Records shown:
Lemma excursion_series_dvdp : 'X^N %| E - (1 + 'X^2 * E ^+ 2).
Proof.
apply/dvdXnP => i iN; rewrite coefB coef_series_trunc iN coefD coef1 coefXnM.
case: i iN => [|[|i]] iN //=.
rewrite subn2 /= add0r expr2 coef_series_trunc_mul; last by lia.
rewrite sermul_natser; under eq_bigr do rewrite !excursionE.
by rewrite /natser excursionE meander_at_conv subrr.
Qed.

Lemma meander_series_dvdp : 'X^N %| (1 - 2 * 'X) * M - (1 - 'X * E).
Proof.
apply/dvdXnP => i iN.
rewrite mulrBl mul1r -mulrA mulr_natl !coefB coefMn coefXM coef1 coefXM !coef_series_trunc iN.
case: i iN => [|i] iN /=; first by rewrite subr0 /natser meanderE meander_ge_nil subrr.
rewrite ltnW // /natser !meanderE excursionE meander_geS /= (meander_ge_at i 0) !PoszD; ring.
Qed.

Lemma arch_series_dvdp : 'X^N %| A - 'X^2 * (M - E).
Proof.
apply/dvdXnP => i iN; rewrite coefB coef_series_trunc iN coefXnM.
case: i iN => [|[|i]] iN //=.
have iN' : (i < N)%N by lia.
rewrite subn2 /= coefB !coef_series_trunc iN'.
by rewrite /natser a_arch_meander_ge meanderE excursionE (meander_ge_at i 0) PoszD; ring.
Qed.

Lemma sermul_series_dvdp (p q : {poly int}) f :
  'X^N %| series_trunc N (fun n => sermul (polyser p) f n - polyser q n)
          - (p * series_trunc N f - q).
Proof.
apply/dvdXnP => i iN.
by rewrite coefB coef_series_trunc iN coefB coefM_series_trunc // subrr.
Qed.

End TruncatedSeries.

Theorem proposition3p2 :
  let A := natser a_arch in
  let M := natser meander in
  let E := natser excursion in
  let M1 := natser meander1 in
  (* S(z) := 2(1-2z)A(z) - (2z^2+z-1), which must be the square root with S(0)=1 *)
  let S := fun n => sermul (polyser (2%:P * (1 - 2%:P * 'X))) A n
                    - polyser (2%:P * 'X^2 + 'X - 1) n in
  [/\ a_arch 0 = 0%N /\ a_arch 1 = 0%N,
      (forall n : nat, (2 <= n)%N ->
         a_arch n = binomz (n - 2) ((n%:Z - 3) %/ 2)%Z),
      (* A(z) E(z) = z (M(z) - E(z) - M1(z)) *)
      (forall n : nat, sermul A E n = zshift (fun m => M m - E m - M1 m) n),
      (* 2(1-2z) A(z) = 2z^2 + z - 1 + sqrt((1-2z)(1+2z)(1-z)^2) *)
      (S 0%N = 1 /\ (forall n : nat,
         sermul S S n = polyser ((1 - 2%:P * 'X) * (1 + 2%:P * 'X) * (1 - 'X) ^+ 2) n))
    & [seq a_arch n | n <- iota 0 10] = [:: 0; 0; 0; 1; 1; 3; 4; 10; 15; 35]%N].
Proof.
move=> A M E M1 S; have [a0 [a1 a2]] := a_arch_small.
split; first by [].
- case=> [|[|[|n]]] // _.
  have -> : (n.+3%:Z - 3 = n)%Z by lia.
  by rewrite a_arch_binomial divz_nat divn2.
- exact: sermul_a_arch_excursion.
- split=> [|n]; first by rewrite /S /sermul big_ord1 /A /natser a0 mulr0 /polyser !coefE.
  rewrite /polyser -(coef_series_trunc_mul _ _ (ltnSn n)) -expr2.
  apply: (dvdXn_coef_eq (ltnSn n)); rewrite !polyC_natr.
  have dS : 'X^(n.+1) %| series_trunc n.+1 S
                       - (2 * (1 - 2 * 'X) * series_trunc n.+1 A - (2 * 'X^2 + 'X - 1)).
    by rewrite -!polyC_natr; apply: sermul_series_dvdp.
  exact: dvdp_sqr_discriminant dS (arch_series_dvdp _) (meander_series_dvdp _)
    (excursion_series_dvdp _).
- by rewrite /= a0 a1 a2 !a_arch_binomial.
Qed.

--

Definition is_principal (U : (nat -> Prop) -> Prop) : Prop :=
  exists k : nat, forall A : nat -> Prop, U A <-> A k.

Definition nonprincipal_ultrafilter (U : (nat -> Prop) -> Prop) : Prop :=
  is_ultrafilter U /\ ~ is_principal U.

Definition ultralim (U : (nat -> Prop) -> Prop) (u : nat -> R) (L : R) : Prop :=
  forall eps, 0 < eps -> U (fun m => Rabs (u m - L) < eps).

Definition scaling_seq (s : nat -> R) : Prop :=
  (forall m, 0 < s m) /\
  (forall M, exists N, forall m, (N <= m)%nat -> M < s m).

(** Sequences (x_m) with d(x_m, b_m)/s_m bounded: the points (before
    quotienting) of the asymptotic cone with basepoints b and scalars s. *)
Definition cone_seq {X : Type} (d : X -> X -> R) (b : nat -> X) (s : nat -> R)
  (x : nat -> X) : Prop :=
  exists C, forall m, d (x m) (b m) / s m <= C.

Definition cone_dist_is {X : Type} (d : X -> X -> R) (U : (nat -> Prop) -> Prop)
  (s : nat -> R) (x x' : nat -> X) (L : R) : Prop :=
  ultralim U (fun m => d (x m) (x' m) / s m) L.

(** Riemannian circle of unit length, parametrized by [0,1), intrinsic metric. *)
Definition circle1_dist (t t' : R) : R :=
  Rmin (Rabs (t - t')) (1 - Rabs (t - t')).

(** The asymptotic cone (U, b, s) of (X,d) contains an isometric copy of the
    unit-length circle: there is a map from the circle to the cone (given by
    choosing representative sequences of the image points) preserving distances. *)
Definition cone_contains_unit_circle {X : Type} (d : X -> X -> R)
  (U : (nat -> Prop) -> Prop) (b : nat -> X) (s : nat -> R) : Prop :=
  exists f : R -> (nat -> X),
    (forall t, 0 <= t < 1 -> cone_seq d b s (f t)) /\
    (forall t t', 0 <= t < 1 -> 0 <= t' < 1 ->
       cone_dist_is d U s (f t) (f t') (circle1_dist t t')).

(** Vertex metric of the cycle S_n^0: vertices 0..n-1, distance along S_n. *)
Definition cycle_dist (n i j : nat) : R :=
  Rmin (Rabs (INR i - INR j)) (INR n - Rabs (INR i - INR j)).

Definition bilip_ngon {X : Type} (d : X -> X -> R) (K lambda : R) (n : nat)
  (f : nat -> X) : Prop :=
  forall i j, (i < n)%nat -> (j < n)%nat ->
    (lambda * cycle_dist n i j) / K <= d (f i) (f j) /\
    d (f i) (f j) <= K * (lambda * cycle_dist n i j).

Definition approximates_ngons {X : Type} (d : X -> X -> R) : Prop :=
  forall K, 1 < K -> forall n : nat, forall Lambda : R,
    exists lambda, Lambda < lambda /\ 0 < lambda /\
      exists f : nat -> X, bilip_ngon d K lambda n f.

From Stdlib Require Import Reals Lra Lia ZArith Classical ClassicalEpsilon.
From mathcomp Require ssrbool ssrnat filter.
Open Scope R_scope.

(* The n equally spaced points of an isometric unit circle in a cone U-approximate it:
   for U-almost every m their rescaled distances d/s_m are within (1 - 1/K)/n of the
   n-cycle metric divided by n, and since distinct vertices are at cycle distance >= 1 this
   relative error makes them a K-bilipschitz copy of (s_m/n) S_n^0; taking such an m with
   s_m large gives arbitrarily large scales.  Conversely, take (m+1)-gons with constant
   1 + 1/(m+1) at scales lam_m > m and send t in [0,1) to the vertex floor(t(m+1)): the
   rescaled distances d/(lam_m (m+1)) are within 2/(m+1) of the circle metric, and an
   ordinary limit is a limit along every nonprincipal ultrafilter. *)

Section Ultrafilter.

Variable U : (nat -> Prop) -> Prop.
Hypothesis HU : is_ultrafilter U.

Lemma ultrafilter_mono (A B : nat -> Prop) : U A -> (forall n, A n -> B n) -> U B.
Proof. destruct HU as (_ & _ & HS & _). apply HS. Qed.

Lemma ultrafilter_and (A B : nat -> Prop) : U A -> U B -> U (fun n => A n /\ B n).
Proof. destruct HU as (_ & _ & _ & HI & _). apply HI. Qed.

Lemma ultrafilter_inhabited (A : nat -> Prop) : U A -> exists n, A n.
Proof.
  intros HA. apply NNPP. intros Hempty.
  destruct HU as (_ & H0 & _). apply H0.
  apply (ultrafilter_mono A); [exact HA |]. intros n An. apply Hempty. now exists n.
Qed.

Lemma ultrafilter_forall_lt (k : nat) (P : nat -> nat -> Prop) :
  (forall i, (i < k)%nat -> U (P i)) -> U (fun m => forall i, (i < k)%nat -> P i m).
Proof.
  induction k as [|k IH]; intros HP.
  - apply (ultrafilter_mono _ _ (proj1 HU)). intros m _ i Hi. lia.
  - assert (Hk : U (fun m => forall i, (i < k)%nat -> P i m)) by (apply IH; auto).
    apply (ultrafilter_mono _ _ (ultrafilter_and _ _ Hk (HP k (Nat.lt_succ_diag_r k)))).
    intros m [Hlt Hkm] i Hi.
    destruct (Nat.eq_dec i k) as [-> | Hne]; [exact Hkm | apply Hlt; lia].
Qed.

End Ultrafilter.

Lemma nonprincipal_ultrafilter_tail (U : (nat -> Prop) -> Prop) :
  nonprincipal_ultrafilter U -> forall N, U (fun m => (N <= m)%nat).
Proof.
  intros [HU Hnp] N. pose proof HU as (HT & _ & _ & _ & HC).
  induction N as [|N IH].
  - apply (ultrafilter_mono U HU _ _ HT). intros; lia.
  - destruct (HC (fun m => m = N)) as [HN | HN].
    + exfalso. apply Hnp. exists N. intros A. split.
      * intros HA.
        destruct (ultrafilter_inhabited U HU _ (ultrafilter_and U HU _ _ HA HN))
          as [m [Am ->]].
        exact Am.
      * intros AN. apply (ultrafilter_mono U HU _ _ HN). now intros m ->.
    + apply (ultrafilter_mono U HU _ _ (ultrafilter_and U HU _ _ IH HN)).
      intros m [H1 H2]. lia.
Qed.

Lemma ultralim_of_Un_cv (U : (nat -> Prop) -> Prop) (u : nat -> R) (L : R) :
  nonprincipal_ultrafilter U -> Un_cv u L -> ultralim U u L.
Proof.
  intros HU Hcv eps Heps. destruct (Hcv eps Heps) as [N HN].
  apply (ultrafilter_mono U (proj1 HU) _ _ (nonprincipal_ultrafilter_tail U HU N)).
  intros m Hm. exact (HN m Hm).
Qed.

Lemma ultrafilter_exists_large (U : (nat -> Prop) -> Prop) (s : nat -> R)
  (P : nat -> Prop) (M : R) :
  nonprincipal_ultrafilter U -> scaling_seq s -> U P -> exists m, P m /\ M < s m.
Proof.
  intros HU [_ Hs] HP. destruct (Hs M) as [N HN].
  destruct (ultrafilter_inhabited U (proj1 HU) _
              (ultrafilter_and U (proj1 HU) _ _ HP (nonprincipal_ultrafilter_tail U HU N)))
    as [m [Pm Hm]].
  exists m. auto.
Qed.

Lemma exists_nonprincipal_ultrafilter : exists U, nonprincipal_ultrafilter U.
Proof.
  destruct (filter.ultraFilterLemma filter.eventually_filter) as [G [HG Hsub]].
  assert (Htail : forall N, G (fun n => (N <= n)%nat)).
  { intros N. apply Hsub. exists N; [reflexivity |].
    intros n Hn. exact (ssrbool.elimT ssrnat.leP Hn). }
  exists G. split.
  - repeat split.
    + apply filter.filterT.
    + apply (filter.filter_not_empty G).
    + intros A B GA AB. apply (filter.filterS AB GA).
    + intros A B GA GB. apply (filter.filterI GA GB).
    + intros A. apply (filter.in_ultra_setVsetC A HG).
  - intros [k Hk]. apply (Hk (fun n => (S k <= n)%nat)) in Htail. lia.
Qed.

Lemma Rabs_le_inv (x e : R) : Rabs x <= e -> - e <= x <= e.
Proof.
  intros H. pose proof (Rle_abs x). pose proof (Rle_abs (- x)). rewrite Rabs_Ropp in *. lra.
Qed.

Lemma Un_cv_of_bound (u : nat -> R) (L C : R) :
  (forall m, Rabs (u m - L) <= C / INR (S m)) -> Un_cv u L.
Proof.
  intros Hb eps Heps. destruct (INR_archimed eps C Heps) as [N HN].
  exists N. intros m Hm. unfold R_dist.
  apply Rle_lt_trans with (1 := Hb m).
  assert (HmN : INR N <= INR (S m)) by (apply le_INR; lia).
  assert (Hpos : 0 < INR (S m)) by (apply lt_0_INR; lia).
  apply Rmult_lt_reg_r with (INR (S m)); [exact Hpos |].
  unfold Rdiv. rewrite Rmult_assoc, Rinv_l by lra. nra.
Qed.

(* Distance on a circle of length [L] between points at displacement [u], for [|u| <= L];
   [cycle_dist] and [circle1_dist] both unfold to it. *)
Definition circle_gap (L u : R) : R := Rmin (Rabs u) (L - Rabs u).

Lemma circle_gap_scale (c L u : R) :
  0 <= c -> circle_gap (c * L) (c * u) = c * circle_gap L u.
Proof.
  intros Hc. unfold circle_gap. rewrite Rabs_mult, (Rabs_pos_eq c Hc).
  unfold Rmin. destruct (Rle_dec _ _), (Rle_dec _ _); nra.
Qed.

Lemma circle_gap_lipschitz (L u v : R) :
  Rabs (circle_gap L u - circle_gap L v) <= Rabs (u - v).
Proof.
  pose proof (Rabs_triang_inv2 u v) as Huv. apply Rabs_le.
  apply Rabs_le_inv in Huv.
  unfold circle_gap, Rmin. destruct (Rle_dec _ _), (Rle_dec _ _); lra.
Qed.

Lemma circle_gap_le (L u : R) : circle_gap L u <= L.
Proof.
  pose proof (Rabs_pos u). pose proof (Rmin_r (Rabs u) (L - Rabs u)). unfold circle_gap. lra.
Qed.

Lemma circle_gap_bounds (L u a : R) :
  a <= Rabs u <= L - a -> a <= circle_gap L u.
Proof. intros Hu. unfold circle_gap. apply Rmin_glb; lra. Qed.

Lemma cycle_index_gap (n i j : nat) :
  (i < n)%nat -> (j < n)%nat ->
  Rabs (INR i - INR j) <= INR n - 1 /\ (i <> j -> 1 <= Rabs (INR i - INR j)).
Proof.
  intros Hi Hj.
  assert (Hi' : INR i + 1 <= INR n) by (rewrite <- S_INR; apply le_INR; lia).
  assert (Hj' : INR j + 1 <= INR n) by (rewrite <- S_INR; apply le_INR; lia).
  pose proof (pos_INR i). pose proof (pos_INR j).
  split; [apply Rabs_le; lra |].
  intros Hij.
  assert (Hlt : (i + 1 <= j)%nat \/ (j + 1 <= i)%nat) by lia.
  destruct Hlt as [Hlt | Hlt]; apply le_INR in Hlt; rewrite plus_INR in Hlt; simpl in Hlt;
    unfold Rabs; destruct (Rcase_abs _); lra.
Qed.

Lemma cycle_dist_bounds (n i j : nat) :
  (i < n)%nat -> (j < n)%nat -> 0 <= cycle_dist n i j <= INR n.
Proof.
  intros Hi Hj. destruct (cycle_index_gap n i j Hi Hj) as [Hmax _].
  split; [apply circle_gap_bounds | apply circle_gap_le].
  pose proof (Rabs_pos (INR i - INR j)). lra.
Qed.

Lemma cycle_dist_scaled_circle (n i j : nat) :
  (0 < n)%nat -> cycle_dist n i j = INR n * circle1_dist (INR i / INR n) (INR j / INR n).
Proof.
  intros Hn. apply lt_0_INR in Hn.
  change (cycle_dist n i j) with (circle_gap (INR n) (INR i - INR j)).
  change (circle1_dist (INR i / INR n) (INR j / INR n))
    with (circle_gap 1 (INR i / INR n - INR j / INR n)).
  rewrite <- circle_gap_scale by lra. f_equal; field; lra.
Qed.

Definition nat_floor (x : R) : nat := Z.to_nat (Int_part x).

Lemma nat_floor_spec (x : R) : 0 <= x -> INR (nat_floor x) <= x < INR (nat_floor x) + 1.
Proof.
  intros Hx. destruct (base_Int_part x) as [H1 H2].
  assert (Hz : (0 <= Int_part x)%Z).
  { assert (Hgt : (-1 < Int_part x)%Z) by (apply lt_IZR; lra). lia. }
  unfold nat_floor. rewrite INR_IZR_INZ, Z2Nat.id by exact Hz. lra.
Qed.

--

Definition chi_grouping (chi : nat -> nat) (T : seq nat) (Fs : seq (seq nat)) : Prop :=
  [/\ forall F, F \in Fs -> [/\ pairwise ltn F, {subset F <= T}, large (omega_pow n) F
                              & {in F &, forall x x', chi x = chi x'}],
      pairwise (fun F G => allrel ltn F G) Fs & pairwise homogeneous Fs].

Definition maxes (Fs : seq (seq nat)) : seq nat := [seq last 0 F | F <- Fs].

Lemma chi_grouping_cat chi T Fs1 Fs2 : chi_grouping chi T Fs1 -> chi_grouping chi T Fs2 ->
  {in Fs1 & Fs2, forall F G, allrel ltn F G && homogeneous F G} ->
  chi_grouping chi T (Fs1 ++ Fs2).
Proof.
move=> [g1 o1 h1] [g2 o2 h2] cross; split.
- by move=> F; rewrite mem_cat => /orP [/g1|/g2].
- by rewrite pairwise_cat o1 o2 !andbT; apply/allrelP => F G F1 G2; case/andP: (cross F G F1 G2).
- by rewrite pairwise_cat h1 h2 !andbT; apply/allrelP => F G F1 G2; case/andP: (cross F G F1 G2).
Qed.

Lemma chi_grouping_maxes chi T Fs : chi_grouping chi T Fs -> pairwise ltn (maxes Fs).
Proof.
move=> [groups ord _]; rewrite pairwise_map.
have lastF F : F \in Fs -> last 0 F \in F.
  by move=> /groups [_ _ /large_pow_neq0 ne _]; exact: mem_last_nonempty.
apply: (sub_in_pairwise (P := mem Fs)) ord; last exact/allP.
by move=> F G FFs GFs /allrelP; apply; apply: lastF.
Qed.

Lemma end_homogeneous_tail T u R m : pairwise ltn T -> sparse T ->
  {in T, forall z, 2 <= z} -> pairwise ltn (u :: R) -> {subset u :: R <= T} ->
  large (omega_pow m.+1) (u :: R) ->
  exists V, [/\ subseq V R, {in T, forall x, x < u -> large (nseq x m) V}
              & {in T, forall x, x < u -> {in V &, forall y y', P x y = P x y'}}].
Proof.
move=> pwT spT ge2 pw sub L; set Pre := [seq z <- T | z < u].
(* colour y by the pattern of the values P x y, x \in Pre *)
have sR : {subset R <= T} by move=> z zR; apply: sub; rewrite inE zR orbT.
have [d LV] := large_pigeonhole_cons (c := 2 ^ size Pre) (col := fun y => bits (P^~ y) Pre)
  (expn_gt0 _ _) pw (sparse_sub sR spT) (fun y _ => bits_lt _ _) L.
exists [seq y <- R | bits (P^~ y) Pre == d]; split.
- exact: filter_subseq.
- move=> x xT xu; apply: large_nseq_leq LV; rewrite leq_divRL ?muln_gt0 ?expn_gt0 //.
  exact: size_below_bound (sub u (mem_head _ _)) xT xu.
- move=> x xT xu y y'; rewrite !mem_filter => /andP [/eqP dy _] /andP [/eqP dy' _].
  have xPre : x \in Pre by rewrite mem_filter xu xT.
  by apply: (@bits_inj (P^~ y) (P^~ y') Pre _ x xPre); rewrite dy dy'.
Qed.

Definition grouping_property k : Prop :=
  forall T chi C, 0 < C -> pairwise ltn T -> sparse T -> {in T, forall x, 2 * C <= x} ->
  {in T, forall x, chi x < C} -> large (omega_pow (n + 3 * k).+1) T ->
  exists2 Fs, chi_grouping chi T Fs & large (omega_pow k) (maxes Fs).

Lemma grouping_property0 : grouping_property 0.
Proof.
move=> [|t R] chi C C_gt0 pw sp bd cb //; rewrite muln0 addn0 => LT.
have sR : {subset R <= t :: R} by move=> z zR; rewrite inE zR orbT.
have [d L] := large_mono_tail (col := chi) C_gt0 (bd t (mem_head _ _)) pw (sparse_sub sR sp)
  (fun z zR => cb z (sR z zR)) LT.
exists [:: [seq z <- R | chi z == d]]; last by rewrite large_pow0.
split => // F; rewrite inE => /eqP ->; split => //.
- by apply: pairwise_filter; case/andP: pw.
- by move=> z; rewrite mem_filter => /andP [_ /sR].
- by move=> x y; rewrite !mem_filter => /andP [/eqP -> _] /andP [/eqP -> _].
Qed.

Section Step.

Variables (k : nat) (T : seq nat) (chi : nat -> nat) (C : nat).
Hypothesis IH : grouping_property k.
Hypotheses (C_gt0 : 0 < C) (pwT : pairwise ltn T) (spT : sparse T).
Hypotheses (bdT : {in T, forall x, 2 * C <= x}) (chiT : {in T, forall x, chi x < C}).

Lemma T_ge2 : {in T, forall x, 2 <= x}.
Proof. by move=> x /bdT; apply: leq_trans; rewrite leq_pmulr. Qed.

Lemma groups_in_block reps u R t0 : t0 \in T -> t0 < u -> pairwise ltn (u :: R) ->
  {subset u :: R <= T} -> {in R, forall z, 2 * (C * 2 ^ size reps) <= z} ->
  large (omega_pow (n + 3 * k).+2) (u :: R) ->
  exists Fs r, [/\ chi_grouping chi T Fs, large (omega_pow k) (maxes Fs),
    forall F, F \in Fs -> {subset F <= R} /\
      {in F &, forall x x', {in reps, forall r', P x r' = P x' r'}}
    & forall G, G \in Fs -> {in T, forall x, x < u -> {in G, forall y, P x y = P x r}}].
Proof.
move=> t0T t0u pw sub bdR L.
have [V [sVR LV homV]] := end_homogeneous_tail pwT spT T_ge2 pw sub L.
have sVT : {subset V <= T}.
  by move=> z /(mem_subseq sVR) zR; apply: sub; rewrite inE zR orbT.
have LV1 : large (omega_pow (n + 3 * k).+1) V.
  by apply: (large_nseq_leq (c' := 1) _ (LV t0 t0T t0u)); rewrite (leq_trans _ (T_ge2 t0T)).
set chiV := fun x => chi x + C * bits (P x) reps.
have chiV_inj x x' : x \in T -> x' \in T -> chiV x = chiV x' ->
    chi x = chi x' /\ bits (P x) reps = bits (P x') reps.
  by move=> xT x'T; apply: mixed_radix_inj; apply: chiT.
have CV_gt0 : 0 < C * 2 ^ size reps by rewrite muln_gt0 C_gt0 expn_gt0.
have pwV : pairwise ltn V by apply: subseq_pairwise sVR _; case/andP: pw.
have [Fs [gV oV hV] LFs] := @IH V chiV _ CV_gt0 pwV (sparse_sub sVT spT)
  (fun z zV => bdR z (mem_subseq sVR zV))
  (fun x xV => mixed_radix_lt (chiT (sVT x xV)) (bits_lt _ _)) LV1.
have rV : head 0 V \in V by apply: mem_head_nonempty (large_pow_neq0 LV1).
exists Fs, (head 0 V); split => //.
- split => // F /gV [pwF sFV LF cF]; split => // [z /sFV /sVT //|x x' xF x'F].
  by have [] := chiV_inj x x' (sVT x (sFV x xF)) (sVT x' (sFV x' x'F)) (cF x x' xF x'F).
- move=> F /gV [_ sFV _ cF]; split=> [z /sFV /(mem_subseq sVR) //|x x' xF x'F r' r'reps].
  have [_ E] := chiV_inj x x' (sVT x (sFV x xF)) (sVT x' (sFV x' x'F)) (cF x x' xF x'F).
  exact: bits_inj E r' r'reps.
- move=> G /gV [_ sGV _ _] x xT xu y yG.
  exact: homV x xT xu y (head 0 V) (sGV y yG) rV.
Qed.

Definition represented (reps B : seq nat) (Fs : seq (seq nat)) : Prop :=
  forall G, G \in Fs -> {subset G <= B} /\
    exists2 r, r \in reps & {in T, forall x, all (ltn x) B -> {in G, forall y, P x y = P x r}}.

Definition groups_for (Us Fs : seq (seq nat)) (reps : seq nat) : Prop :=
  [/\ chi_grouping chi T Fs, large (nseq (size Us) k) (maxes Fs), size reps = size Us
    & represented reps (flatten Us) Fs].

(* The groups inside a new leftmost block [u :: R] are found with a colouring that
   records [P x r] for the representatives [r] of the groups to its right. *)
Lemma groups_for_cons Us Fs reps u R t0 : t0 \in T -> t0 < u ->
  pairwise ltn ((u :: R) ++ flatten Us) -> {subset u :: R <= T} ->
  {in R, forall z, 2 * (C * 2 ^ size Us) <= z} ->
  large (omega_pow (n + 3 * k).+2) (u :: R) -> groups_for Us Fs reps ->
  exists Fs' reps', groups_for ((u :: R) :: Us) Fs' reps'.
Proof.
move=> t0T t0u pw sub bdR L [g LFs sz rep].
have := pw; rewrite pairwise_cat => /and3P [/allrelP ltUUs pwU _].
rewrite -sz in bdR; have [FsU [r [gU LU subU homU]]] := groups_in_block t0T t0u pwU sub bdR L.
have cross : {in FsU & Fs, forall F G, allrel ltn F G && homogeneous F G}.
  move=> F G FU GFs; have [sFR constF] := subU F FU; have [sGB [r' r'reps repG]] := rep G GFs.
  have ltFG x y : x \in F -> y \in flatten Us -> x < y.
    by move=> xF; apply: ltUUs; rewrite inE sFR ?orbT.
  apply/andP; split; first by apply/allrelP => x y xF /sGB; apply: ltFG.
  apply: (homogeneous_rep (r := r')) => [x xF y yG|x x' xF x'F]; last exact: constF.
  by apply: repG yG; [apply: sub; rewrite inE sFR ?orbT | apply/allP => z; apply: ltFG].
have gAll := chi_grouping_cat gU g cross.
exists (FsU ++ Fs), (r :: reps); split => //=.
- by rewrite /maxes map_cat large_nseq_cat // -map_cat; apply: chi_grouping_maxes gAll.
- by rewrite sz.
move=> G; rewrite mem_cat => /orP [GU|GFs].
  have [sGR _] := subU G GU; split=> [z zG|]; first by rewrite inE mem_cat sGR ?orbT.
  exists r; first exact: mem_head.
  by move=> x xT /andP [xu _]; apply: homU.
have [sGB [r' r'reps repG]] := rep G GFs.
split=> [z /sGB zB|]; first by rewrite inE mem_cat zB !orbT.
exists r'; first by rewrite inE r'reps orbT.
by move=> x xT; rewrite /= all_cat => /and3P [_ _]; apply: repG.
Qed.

How to complete this task:
Answer with a single number, the count of lines above that contain "andbT".

Result of this exercise:
2